▸ **THE TASK**
Locate the line bearing "by congr Complex;" in the material below, then reproduce it and each following line up to and including the line bearing "Proof. by case: n. Qed.".

▸ **RECORDS FOR PROCESSING**

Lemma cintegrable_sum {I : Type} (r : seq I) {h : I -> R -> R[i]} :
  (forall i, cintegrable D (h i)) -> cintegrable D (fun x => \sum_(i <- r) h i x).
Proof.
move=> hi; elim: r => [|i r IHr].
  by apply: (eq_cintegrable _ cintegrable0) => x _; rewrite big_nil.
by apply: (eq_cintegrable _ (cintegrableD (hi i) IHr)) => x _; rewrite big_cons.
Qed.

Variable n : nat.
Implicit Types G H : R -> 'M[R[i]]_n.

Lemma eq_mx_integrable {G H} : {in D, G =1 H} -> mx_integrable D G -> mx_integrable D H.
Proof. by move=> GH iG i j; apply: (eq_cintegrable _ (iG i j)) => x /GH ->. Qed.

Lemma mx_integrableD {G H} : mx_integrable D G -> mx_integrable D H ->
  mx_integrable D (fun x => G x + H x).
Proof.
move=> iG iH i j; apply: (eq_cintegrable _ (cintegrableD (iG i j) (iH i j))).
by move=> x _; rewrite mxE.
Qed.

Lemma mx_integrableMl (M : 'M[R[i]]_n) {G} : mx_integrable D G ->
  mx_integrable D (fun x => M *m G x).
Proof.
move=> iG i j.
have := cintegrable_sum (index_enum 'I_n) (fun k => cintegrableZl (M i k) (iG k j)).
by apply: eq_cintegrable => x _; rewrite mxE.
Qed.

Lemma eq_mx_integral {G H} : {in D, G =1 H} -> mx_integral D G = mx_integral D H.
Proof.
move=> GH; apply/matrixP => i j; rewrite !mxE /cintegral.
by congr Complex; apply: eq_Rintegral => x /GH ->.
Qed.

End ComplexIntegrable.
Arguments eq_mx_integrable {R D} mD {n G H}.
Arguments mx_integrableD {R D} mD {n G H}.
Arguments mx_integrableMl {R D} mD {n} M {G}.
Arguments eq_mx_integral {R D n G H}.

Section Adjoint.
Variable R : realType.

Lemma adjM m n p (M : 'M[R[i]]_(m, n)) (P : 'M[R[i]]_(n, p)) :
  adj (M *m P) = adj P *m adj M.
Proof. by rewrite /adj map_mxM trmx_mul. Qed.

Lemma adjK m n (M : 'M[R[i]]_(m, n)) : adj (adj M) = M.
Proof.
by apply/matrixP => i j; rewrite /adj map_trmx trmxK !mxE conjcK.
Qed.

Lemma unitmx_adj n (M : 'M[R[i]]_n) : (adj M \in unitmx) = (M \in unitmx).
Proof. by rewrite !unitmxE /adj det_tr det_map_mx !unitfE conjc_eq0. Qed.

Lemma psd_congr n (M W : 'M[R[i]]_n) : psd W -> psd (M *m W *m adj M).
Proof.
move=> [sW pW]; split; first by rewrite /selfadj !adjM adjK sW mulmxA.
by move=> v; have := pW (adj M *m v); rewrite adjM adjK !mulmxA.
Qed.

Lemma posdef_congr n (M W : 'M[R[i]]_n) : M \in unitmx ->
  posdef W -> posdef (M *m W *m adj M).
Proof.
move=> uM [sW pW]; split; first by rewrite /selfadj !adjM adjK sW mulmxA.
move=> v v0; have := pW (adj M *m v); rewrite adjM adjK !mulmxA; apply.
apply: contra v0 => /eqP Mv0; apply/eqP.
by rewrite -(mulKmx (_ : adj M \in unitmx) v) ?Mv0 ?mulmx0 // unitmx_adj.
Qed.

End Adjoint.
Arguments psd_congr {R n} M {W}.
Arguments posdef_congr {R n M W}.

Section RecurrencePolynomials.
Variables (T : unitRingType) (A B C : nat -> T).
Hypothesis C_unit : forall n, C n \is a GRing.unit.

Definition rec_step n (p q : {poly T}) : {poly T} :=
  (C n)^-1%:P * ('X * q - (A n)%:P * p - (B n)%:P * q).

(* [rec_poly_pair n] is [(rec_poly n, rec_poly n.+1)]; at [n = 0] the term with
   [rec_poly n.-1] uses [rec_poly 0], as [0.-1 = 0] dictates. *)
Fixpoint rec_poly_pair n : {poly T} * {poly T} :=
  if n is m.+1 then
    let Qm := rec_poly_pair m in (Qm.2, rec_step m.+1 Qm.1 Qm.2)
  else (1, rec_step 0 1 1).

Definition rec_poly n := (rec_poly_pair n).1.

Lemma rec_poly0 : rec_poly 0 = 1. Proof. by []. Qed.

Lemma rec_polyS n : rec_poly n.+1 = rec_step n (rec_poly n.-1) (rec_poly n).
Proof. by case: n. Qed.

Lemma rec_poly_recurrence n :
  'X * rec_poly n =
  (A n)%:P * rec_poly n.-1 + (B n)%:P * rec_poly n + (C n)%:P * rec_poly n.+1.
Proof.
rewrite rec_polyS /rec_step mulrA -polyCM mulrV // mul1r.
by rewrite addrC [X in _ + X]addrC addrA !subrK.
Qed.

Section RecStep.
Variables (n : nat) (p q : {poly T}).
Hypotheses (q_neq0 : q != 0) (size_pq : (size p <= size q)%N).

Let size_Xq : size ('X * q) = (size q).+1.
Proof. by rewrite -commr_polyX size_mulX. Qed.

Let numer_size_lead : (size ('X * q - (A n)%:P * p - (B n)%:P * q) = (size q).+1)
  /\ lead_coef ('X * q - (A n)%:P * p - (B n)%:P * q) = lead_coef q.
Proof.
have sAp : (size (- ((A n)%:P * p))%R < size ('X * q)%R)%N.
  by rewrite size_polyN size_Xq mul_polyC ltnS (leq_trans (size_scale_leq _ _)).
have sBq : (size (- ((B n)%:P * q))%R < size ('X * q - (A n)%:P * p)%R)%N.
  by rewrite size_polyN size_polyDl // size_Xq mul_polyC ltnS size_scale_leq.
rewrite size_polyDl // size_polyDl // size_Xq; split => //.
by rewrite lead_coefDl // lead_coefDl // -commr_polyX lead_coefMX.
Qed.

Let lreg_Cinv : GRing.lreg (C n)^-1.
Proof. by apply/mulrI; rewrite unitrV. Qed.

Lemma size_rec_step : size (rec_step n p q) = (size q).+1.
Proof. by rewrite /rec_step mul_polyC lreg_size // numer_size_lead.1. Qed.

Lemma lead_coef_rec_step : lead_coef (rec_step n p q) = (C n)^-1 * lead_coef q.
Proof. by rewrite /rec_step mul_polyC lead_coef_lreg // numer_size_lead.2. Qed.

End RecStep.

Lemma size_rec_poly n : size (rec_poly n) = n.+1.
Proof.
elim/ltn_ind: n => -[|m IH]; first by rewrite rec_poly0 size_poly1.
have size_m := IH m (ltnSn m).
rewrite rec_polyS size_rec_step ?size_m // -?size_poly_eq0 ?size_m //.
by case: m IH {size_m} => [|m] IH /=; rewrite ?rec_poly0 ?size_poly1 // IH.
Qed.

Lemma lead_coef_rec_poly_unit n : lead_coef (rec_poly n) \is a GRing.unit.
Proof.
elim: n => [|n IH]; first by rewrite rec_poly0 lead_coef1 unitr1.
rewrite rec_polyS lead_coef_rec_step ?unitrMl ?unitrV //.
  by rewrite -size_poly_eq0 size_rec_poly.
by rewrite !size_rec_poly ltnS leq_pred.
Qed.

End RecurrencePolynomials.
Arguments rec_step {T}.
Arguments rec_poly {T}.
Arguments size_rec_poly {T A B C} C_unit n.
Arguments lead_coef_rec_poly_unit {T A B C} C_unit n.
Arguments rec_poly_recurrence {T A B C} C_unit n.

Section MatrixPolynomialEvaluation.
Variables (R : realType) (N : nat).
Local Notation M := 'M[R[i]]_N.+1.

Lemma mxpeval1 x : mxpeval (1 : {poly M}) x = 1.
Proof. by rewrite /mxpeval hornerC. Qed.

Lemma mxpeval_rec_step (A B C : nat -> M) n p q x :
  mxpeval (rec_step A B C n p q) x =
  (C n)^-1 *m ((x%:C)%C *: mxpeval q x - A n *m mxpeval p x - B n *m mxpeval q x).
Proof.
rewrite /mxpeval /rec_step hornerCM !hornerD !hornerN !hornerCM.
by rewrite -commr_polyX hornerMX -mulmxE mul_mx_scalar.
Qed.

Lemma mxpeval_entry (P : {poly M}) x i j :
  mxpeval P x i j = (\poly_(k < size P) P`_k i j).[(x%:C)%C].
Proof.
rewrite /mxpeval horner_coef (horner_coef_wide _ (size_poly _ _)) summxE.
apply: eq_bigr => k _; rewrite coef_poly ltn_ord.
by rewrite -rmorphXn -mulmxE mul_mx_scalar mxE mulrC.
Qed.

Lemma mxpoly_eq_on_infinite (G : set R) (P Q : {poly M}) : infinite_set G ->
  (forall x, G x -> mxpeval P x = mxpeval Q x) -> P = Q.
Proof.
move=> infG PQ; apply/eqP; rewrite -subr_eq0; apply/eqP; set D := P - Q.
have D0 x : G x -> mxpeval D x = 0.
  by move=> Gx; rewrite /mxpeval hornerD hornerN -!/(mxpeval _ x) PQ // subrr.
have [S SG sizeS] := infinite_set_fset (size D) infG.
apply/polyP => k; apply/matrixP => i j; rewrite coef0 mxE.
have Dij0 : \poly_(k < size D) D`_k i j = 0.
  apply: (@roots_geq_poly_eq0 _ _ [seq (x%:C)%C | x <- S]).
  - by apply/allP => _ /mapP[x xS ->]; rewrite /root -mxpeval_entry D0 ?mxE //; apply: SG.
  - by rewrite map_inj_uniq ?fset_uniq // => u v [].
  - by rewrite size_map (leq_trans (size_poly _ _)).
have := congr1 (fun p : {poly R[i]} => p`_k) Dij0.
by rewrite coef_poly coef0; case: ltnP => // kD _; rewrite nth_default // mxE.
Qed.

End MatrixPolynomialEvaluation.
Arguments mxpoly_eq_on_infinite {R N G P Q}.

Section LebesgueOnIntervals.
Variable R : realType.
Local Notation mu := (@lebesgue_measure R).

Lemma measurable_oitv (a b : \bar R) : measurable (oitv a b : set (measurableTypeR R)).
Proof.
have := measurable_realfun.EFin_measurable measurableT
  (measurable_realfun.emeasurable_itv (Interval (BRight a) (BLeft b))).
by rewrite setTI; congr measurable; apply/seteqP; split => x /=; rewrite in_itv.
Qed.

▸ **TASK RESPONSE**
by congr Complex; apply: eq_Rintegral => x /GH ->.
Qed.

End ComplexIntegrable.
Arguments eq_mx_integrable {R D} mD {n G H}.
Arguments mx_integrableD {R D} mD {n G H}.
Arguments mx_integrableMl {R D} mD {n} M {G}.
Arguments eq_mx_integral {R D n G H}.

Section Adjoint.
Variable R : realType.

Lemma adjM m n p (M : 'M[R[i]]_(m, n)) (P : 'M[R[i]]_(n, p)) :
  adj (M *m P) = adj P *m adj M.
Proof. by rewrite /adj map_mxM trmx_mul. Qed.

Lemma adjK m n (M : 'M[R[i]]_(m, n)) : adj (adj M) = M.
Proof.
by apply/matrixP => i j; rewrite /adj map_trmx trmxK !mxE conjcK.
Qed.

Lemma unitmx_adj n (M : 'M[R[i]]_n) : (adj M \in unitmx) = (M \in unitmx).
Proof. by rewrite !unitmxE /adj det_tr det_map_mx !unitfE conjc_eq0. Qed.

Lemma psd_congr n (M W : 'M[R[i]]_n) : psd W -> psd (M *m W *m adj M).
Proof.
move=> [sW pW]; split; first by rewrite /selfadj !adjM adjK sW mulmxA.
by move=> v; have := pW (adj M *m v); rewrite adjM adjK !mulmxA.
Qed.

Lemma posdef_congr n (M W : 'M[R[i]]_n) : M \in unitmx ->
  posdef W -> posdef (M *m W *m adj M).
Proof.
move=> uM [sW pW]; split; first by rewrite /selfadj !adjM adjK sW mulmxA.
move=> v v0; have := pW (adj M *m v); rewrite adjM adjK !mulmxA; apply.
apply: contra v0 => /eqP Mv0; apply/eqP.
by rewrite -(mulKmx (_ : adj M \in unitmx) v) ?Mv0 ?mulmx0 // unitmx_adj.
Qed.

End Adjoint.
Arguments psd_congr {R n} M {W}.
Arguments posdef_congr {R n M W}.

Section RecurrencePolynomials.
Variables (T : unitRingType) (A B C : nat -> T).
Hypothesis C_unit : forall n, C n \is a GRing.unit.

Definition rec_step n (p q : {poly T}) : {poly T} :=
  (C n)^-1%:P * ('X * q - (A n)%:P * p - (B n)%:P * q).

(* [rec_poly_pair n] is [(rec_poly n, rec_poly n.+1)]; at [n = 0] the term with
   [rec_poly n.-1] uses [rec_poly 0], as [0.-1 = 0] dictates. *)
Fixpoint rec_poly_pair n : {poly T} * {poly T} :=
  if n is m.+1 then
    let Qm := rec_poly_pair m in (Qm.2, rec_step m.+1 Qm.1 Qm.2)
  else (1, rec_step 0 1 1).

Definition rec_poly n := (rec_poly_pair n).1.

Lemma rec_poly0 : rec_poly 0 = 1. Proof. by []. Qed.

Lemma rec_polyS n : rec_poly n.+1 = rec_step n (rec_poly n.-1) (rec_poly n).
Proof. by case: n. Qed.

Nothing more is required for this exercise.